We didn't leave our church, or the state; although I could disappear into the woods of Yellowstone and be perfectly happy (I get that from my Dad). Instead, we were given a gift, another early gift, most precious of gifts. On May 22nd, 22 hours before my May 23rd due date with Elianna, Tahlia was born. The day before. I still can't comprehend this...not in a "that is amazing!" way, and not in a "is this some kind of platitudinal 'replacement' trick?" way...just in a way where I am reminded that I know of no other posture before God than one of bruised knee, broken hearted, submissive curiosity at what His big picture must look like.

So why the shirt? Why be so clear about my identity? Because I walk by strollers and slings and grouchy pregnant women and see welcome-baby-tidings on face book and pregnancy announcements loaded with assumptions from my "untouched sisters" and allow myself to feel less than delight and gratitude for perfect package little families. I feel, in part, an ugly little bubble of anger and jealousy that floats up shaped like hurt.  I love you, I do...you, your precious family, your healthy baby...I just can't completely relate. My point? Other people are pregnant - they will have healthy babies, according to their birth plan, on their due date - well, certainly not more than 10 days after it...ahh the horror of having to labor and give birth to a healthy happy baby, and often times, AFTER one's due date...such heart ache! (Side bar.) And now, the real point...still other people are pregnant and their story will look more like mine - and they don't even know what's coming, haven't even considered it. So by grace, I will walk, past strollers and slings and swollen/sleepless/grouchy pregnant women - I'll not shake my head at announcements and assumptions. By grace I will extend the gesture I expect even of strangers on my behalf, of remembering that I know no one's past and that I know no one's future.

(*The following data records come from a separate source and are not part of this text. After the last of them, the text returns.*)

Lemma angle_period_of_periodic_speed (f phi : R -> R) (p : R) :
  0 < p -> (forall x, 0 < f x) -> (forall x, continuous f x) ->
  (forall x, f (x + p) = f x) ->
  (forall t, is_derive phi t (f (phi t))) ->
  exists T, 0 < T /\ forall t, phi (t + T) = phi t + p.
Proof.
  intros Hp fpos fcont fper Dphi.
  set (G x := RInt (fun y => / f y) 0 x).
  assert (DG : forall x, is_derive G x (/ f x)).
  { intros x. apply (is_derive_RInt (fun y => / f y) G 0 x).
    - apply filter_forall; intros y. apply (RInt_correct (V := R_CompleteNormedModule)),
        (ex_RInt_continuous (V := R_CompleteNormedModule)).
      intros z _. apply continuous_Rinv_comp; [apply fcont | apply Rgt_not_eq, fpos].
    - apply continuous_Rinv_comp; [apply fcont | apply Rgt_not_eq, fpos]. }
  assert (G_incr : forall x y, x < y -> G x < G y).
  { intros x y Hxy. apply (incr_function G m_infty p_infty (fun x => / f x)); simpl; auto.
    intros z _ _. apply Rinv_0_lt_compat, fpos. }
  assert (G_inj : forall x y, G x = G y -> x = y).
  { intros x y Hxy. destruct (Rtotal_order x y) as [h | [h | h]]; auto;
      apply G_incr in h; lra. }
  assert (Hflow : forall a b, G (phi b) - b = G (phi a) - a).
  { intros a b. apply (is_derive_zero_const (fun t => G (phi t) - t)). intros t.
    replace 0 with (f (phi t) * / f (phi t) - 1) by (field; apply Rgt_not_eq, fpos).
    apply (is_derive_minus (fun t => G (phi t)) (fun t => t)).
    - apply (is_derive_comp G phi); [apply DG | apply Dphi].
    - apply (is_derive_id (K := R_AbsRing)). }
  assert (Hshift : forall a b, G (b + p) - G b = G (a + p) - G a).
  { intros a b. apply (is_derive_zero_const (fun x => G (x + p) - G x)). intros x.
    replace 0 with (1 * / f (x + p) - / f x) by (rewrite fper; ring).
    apply (is_derive_minus (fun x => G (x + p)) G); [| apply DG].
    apply (is_derive_comp G (fun x => x + p)); [apply DG |].
    auto_derive; auto; ring. }
  exists (G p - G 0). split.
  { apply Rlt_0_minus, G_incr, Hp. }
  intros t. apply G_inj.
  pose proof (Hflow t (t + (G p - G 0))) as H1.
  pose proof (Hshift 0 (phi t)) as H2. rewrite Rplus_0_l in H2. lra.
Qed.

Lemma H0_derive_Pr (rho xi r phi p q : R) : 0 < r -> 0 < rho ->
  derivable_pt_lim (fun p => H0 rho xi r phi p q) p (p / (1 + rho * r ^ 2)).
Proof.
  intros Hr Hrho. apply is_derive_Reals. unfold H0.
  auto_derive; [nra |]. field. nra.
Qed.

Lemma H0_derive_Pphi (rho xi r phi p q : R) : 0 < r -> 0 < rho ->
  derivable_pt_lim (fun q => H0 rho xi r phi p q) q (q / (r ^ 2 * (1 + rho * r ^ 2))).
Proof.
  intros Hr Hrho. apply is_derive_Reals. unfold H0.
  auto_derive; [split; nra |]. field. split; nra.
Qed.

Lemma H0_derive_r (rho xi r phi p q : R) : 0 < r -> 0 < rho ->
  derivable_pt_lim (fun r => H0 rho xi r phi p q) r
    (((- 2 * q ^ 2 / r ^ 3 + 2 * xi * r) * (2 * (1 + rho * r ^ 2))
      - (p ^ 2 + q ^ 2 / r ^ 2 + xi * r ^ 2) * (4 * rho * r))
     / (2 * (1 + rho * r ^ 2)) ^ 2).
Proof.
  intros Hr Hrho. apply is_derive_Reals. unfold H0.
  auto_derive; [repeat split; nra |]. field. split; nra.
Qed.

Definition orbit_amp2 (rho xi E L : R) : R := E ^ 2 + L ^ 2 * (2 * rho * E - xi).

Lemma ecc_eq (rho xi E L : R) : E <> 0 -> 0 <= orbit_amp2 rho xi E L ->
  ecc rho xi E L = sqrt (orbit_amp2 rho xi E L) / Rabs E.
Proof.
  intros HE HA. unfold ecc, orbit_amp2 in *.
  assert (0 < Rabs E) by (apply Rabs_pos_lt; exact HE).
  rewrite <- (sqrt_pow2 (Rabs E)), <- sqrt_div_alt by (try apply pow_lt; lra).
  f_equal. rewrite pow2_abs. field. exact HE.
Qed.

Lemma sgn_eq (E : R) : E <> 0 -> sgn E = E / Rabs E.
Proof.
  intros HE. unfold sgn. destruct (Rlt_dec 0 E).
  - rewrite Rabs_right by lra. field. lra.
  - destruct (Rlt_dec E 0); [| lra]. rewrite Rabs_left by lra. field. lra.
Qed.

Lemma sgn_pos (E : R) : 0 < E -> sgn E = 1.
Proof. intros HE. unfold sgn. destruct (Rlt_dec 0 E); [reflexivity | lra]. Qed.

Section Trajectory.

Variables (rho xi E L : R) (r phi Pr Pphi : R -> R).
Hypothesis rho_pos : 0 < rho.
Hypothesis L_pos : 0 < L.
Hypothesis traj : hamiltonian_trajectory (H0 rho xi) r phi Pr Pphi.
Hypothesis energy : forall t, H0 rho xi (r t) (phi t) (Pr t) (Pphi t) = E.
Hypothesis momentum : forall t, Pphi t = L.

Lemma r_pos t : 0 < r t.
Proof. exact (proj1 (traj t)). Qed.

Lemma Pr_sq t : Pr t ^ 2 = 2 * E * (1 + rho * r t ^ 2) - L ^ 2 / r t ^ 2 - xi * r t ^ 2.
Proof.
  pose proof (r_pos t). rewrite <- (energy t), momentum. unfold H0.
  field. split; nra.
Qed.

Definition angular_speed (t : R) : R := L / (r t ^ 2 * (1 + rho * r t ^ 2)).

Lemma hamilton_equations t :
  is_derive r t (Pr t / (1 + rho * r t ^ 2)) /\
  is_derive phi t (angular_speed t) /\
  is_derive Pr t ((L ^ 2 / r t ^ 3 - (xi - 2 * E * rho) * r t) / (1 + rho * r t ^ 2)).
Proof.
  pose proof (r_pos t) as Hr.
  destruct (traj t) as [_ [dr [dphi [dPr [dPphi [Dr [Dphi [DPr [_ [HPr [HPphi [Hq _]]]]]]]]]]]].
  rewrite momentum in HPr, HPphi, Hq.
  pose proof (uniqueness_limite _ _ _ _ HPr
    (H0_derive_Pr rho xi _ (phi t) (Pr t) L Hr rho_pos)) as ->.
  pose proof (uniqueness_limite _ _ _ _ HPphi
    (H0_derive_Pphi rho xi _ (phi t) (Pr t) L Hr rho_pos)) as ->.
  pose proof (uniqueness_limite _ _ _ _ Hq
    (H0_derive_r rho xi _ (phi t) (Pr t) L Hr rho_pos)) as HdPr.
  split; [| split]; apply is_derive_Reals; [exact Dr | exact Dphi |].
  replace (_ / _) with dPr; [exact DPr |].
  replace dPr with (- - dPr) by ring. rewrite HdPr, Pr_sq. field. split; nra.
Qed.

Definition orbit_x (t : R) : R := L ^ 2 / r t ^ 2 - E.
Definition orbit_y (t : R) : R := L * Pr t / r t.

Lemma orbit_x_derive t : is_derive orbit_x t (- (2 * angular_speed t) * orbit_y t).
Proof.
  destruct (hamilton_equations t) as [Dr _]. pose proof (r_pos t).
  unfold orbit_x. auto_derive; [repeat split; solve [eexists; eassumption | nra] |].
  rewrite_Derive Dr. unfold orbit_y, angular_speed. field. split; nra.
Qed.

Lemma orbit_y_derive t : is_derive orbit_y t (2 * angular_speed t * orbit_x t).
Proof.
  destruct (hamilton_equations t) as [Dr [_ DPr]]. pose proof (r_pos t).
  unfold orbit_y. auto_derive; [repeat split; solve [eexists; eassumption | nra] |].
  rewrite_Derive Dr; rewrite_Derive DPr.
  assert (Hxi : xi = (2 * E * (1 + rho * r t ^ 2) - L ^ 2 / r t ^ 2 - Pr t ^ 2) / r t ^ 2).
  { rewrite (Pr_sq t). field. lra. }
  rewrite Hxi. unfold orbit_x, angular_speed. field. split; nra.
Qed.

Lemma orbit_xy_norm t : orbit_x t ^ 2 + orbit_y t ^ 2 = orbit_amp2 rho xi E L.
Proof.
  pose proof (r_pos t). unfold orbit_x, orbit_y, orbit_amp2.
  replace ((L * Pr t / r t) ^ 2) with (L ^ 2 * Pr t ^ 2 / r t ^ 2) by (field; lra).
  rewrite Pr_sq. field. lra.
Qed.

Lemma orbit_amp2_nonneg : 0 <= orbit_amp2 rho xi E L.
Proof. rewrite <- (orbit_xy_norm 0). nra. Qed.

Lemma E_pos_of_bound : E < xi / (2 * rho) -> 0 < E.
Proof.
  intros Hlt.
  assert (Hb : 2 * rho * E < xi).
  { apply (Rmult_lt_compat_l (2 * rho)) in Hlt; [| lra].
    replace (2 * rho * (xi / (2 * rho))) with xi in Hlt by (field; lra). exact Hlt. }
  pose proof (Pr_sq 0) as HPr. pose proof (r_pos 0).
  assert (0 < L ^ 2 / r 0 ^ 2) by (apply Rdiv_lt_0_compat; nra).
  assert (xi * r 0 ^ 2 > 2 * rho * E * r 0 ^ 2) by (apply Rmult_gt_compat_r; nra).
  nra.
Qed.

Section Pericenter.

Variable t0 : R.
Hypothesis phi_t0 : phi t0 = 0.
Hypothesis r_min : forall t, r t0 <= r t.

Lemma Pr_at_min : Pr t0 = 0.
Proof.
  destruct (hamilton_equations t0) as [Dr _]. pose proof (r_pos t0).
  pose proof (proj1 (is_derive_Reals _ _ _) Dr) as D.
  pose proof (deriv_minimum r (t0 - 1) (t0 + 1) t0 (exist _ _ D)) as Hmin; simpl in Hmin.
  assert (Pr t0 / (1 + rho * r t0 ^ 2) = 0) as Hz by (apply Hmin; intros; try apply r_min; lra).
  assert (0 < 1 + rho * r t0 ^ 2) by nra.
  apply (Rmult_eq_reg_r (/ (1 + rho * r t0 ^ 2))); [| apply Rinv_neq_0_compat; lra].
  rewrite Rmult_0_l. exact Hz.
Qed.

Lemma orbit_xy_rotation t :
  orbit_x t = orbit_x t0 * cos (2 * phi t) /\ orbit_y t = orbit_x t0 * sin (2 * phi t).
Proof.
  apply (rotation_ode_solution orbit_x orbit_y
    (fun t => 2 * phi t) (fun t => 2 * angular_speed t) t0).
  - exact orbit_x_derive.
  - exact orbit_y_derive.
  - intros s. destruct (hamilton_equations s) as [_ [Dphi _]].
    auto_derive; [eexists; exact Dphi |]. rewrite_Derive Dphi. ring.
  - rewrite phi_t0. ring.
  - unfold orbit_y. rewrite Pr_at_min. field. apply Rgt_not_eq, r_pos.
Qed.

Lemma orbit_x_le_at_min t : orbit_x t <= orbit_x t0.
Proof.
  unfold orbit_x. pose proof (r_pos t). pose proof (r_pos t0). pose proof (r_min t).
  assert (/ r t ^ 2 <= / r t0 ^ 2) by (apply Rinv_le_contravar; [nra | apply pow_incr; lra]).
  unfold Rdiv. nra.
Qed.

(* If orbit_x t0 were negative, maximality at t0 would force cos (2 phi) = 1, hence
   orbit_y = 0 identically, contradicting orbit_y' = 2 angular_speed orbit_x < 0. *)
Lemma orbit_x_at_min_nonneg : 0 <= orbit_x t0.
Proof.
  destruct (Rle_or_lt 0 (orbit_x t0)) as [| Hneg]; [assumption | exfalso].
  assert (y_zero : forall t, orbit_y t = 0).
  { intros t. destruct (orbit_xy_rotation t) as [Ex Ey]. pose proof (orbit_x_le_at_min t) as Hle.
    rewrite Ex in Hle. pose proof (COS_bound (2 * phi t)).
    assert (cos (2 * phi t) = 1) as Hc by nra.
    pose proof (sin2_cos2 (2 * phi t)) as Hpyth; unfold Rsqr in Hpyth; rewrite Hc in Hpyth.
    rewrite Ey. assert (sin (2 * phi t) = 0) as -> by nra. ring. }
  assert (D0 : is_derive orbit_y t0 0).
  { apply (is_derive_ext (fun _ => 0));
      [intros; rewrite y_zero; reflexivity | auto_derive; reflexivity]. }
  pose proof (is_derive_unique _ _ _ D0) as U.
  rewrite (is_derive_unique _ _ _ (orbit_y_derive t0)) in U.
  assert (0 < angular_speed t0).
  { pose proof (r_pos t0). unfold angular_speed. apply Rdiv_lt_0_compat; [lra |].
    apply Rmult_lt_0_compat; nra. }
  nra.
Qed.

Lemma orbit_x_at_min : orbit_x t0 = sqrt (orbit_amp2 rho xi E L).
Proof.
  rewrite <- (orbit_xy_norm t0). unfold orbit_y. rewrite Pr_at_min.
  replace ((L * 0 / r t0) ^ 2) with 0 by (field; apply Rgt_not_eq, r_pos).
  rewrite Rplus_0_r. symmetry. apply sqrt_pow2, orbit_x_at_min_nonneg.
Qed.

Lemma orbit_equation t : L ^ 2 / r t ^ 2 = E + sqrt (orbit_amp2 rho xi E L) * cos (2 * phi t).
Proof.
  rewrite <- orbit_x_at_min. destruct (orbit_xy_rotation t) as [Ex _].
  unfold orbit_x at 1 in Ex. lra.
Qed.

Lemma orbit_momentum t : L * Pr t / r t = sqrt (orbit_amp2 rho xi E L) * sin (2 * phi t).
Proof. rewrite <- orbit_x_at_min. exact (proj2 (orbit_xy_rotation t)). Qed.

Lemma orbit_equation_zero_energy :
  E = 0 -> forall t, L / r t ^ 2 = sqrt (Rabs xi) * cos (2 * phi t).
Proof.
  intros HE0 t. pose proof (orbit_equation t) as Horb. pose proof orbit_amp2_nonneg as HA.
  unfold orbit_amp2 in Horb, HA. rewrite HE0 in Horb, HA.
  assert (0 < L ^ 2) by (apply pow_lt; lra).
  assert (Hxi : xi <= 0) by nra.
  rewrite Rabs_left1 by exact Hxi.
  replace (0 ^ 2 + L ^ 2 * (2 * rho * 0 - xi)) with (L ^ 2 * - xi) in Horb by ring.
  rewrite sqrt_mult_alt, sqrt_pow2 in Horb by lra.
  apply (Rmult_eq_reg_l L); [| lra].
  replace (L * (L / r t ^ 2)) with (L ^ 2 / r t ^ 2) by (field; pose proof (r_pos t); lra).
  rewrite Horb. ring.
Qed.

Lemma orbit_equation_nonzero_energy : E <> 0 -> forall t,
  L ^ 2 / (Rabs E * r t ^ 2) = sgn E + ecc rho xi E L * cos (2 * phi t).
Proof.
  intros HE0 t. rewrite ecc_eq, sgn_eq by (exact HE0 || exact orbit_amp2_nonneg).
  assert (0 < Rabs E) by (apply Rabs_pos_lt; exact HE0).
  pose proof (r_pos t).
  replace (L ^ 2 / (Rabs E * r t ^ 2)) with (L ^ 2 / r t ^ 2 / Rabs E)
    by (field; split; [nra | lra]).
  rewrite orbit_equation. field. lra.
Qed.

Section Bounded.

Hypothesis bound : E < xi / (2 * rho).

Lemma orbit_amp_lt_E : sqrt (orbit_amp2 rho xi E L) < E.
Proof.
  pose proof (E_pos_of_bound bound).
  assert (Hlt : sqrt (orbit_amp2 rho xi E L) < sqrt (E ^ 2)).
  { apply sqrt_lt_1_alt. split; [exact orbit_amp2_nonneg |].
    assert (0 < L ^ 2) by (apply pow_lt; lra).
    assert (2 * rho * E < xi)
      by (apply (Rmult_lt_compat_l (2 * rho)) in bound; [field_simplify in bound |]; lra).
    unfold orbit_amp2. nra. }
  rewrite sqrt_pow2 in Hlt by lra. exact Hlt.
Qed.

Lemma orbit_equation_bounded t :
  L ^ 2 / (E * r t ^ 2) = 1 + ecc rho xi E L * cos (2 * phi t).
Proof.
  pose proof (E_pos_of_bound bound).
  rewrite <- (sgn_pos E), <- (Rabs_right E) at 1 by lra.
  apply orbit_equation_nonzero_energy. lra.
Qed.

Definition inv_r2_of_angle (x : R) : R :=
  (E + sqrt (orbit_amp2 rho xi E L) * cos (2 * x)) / L ^ 2.
Definition angular_speed_of_angle (x : R) : R :=
  L * inv_r2_of_angle x ^ 2 / (inv_r2_of_angle x + rho).

Lemma inv_r2_of_angle_pos x : 0 < inv_r2_of_angle x.
Proof.
  unfold inv_r2_of_angle. pose proof orbit_amp_lt_E. pose proof (COS_bound (2 * x)).
  pose proof (sqrt_pos (orbit_amp2 rho xi E L)). apply Rdiv_lt_0_compat; nra.
Qed.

"'When are you due?' asked the already mother, and the young woman answered, 'Friday. I can't wait.' I have nothing in common with you, I thought. That shows I had already forgotten the one lesson I'd vowed to learn: you can never guess at the complicated history [or future] of strangers." - Elizabeth McCracken in An Exact Replica of a Figment of My Imagination

Two weeks after we got home (well, to my parents' house to wait for adoption paperwork) from the hospital with our little early-bird Tahlia, I found my mom crying on the couch one morning. "Alison's baby died" she wept. "What? Alison? Alison who?" My mom had decisively chosen not to tell me that my sweet, newly married, much younger cousin was expecting her first (my mom does this NH friends...she's protecting me...it's necessary sometimes...often you have a 3 week-old before I know anything about your growing family). Hearing about full wombs hurts the empty wombs. It's just a fact. It's the same kind of hurt that adored widowed friends feel over my haphazard and off-the-cuff mention of Kevin in blogs I would imagine.
Alison didn't even know what was coming...maybe hadn't even considered it. And we thought I needed protecting from her. Suddenly I was the one doing the hurting. In all my own hurt, I walk around hurting - sometimes people I love.

Oh coveted eternity. Creator, redeem this world...it is NOT our home.

Blessings and peace on you and your family, whether separated by eternity or not. He is not safe. But He is good.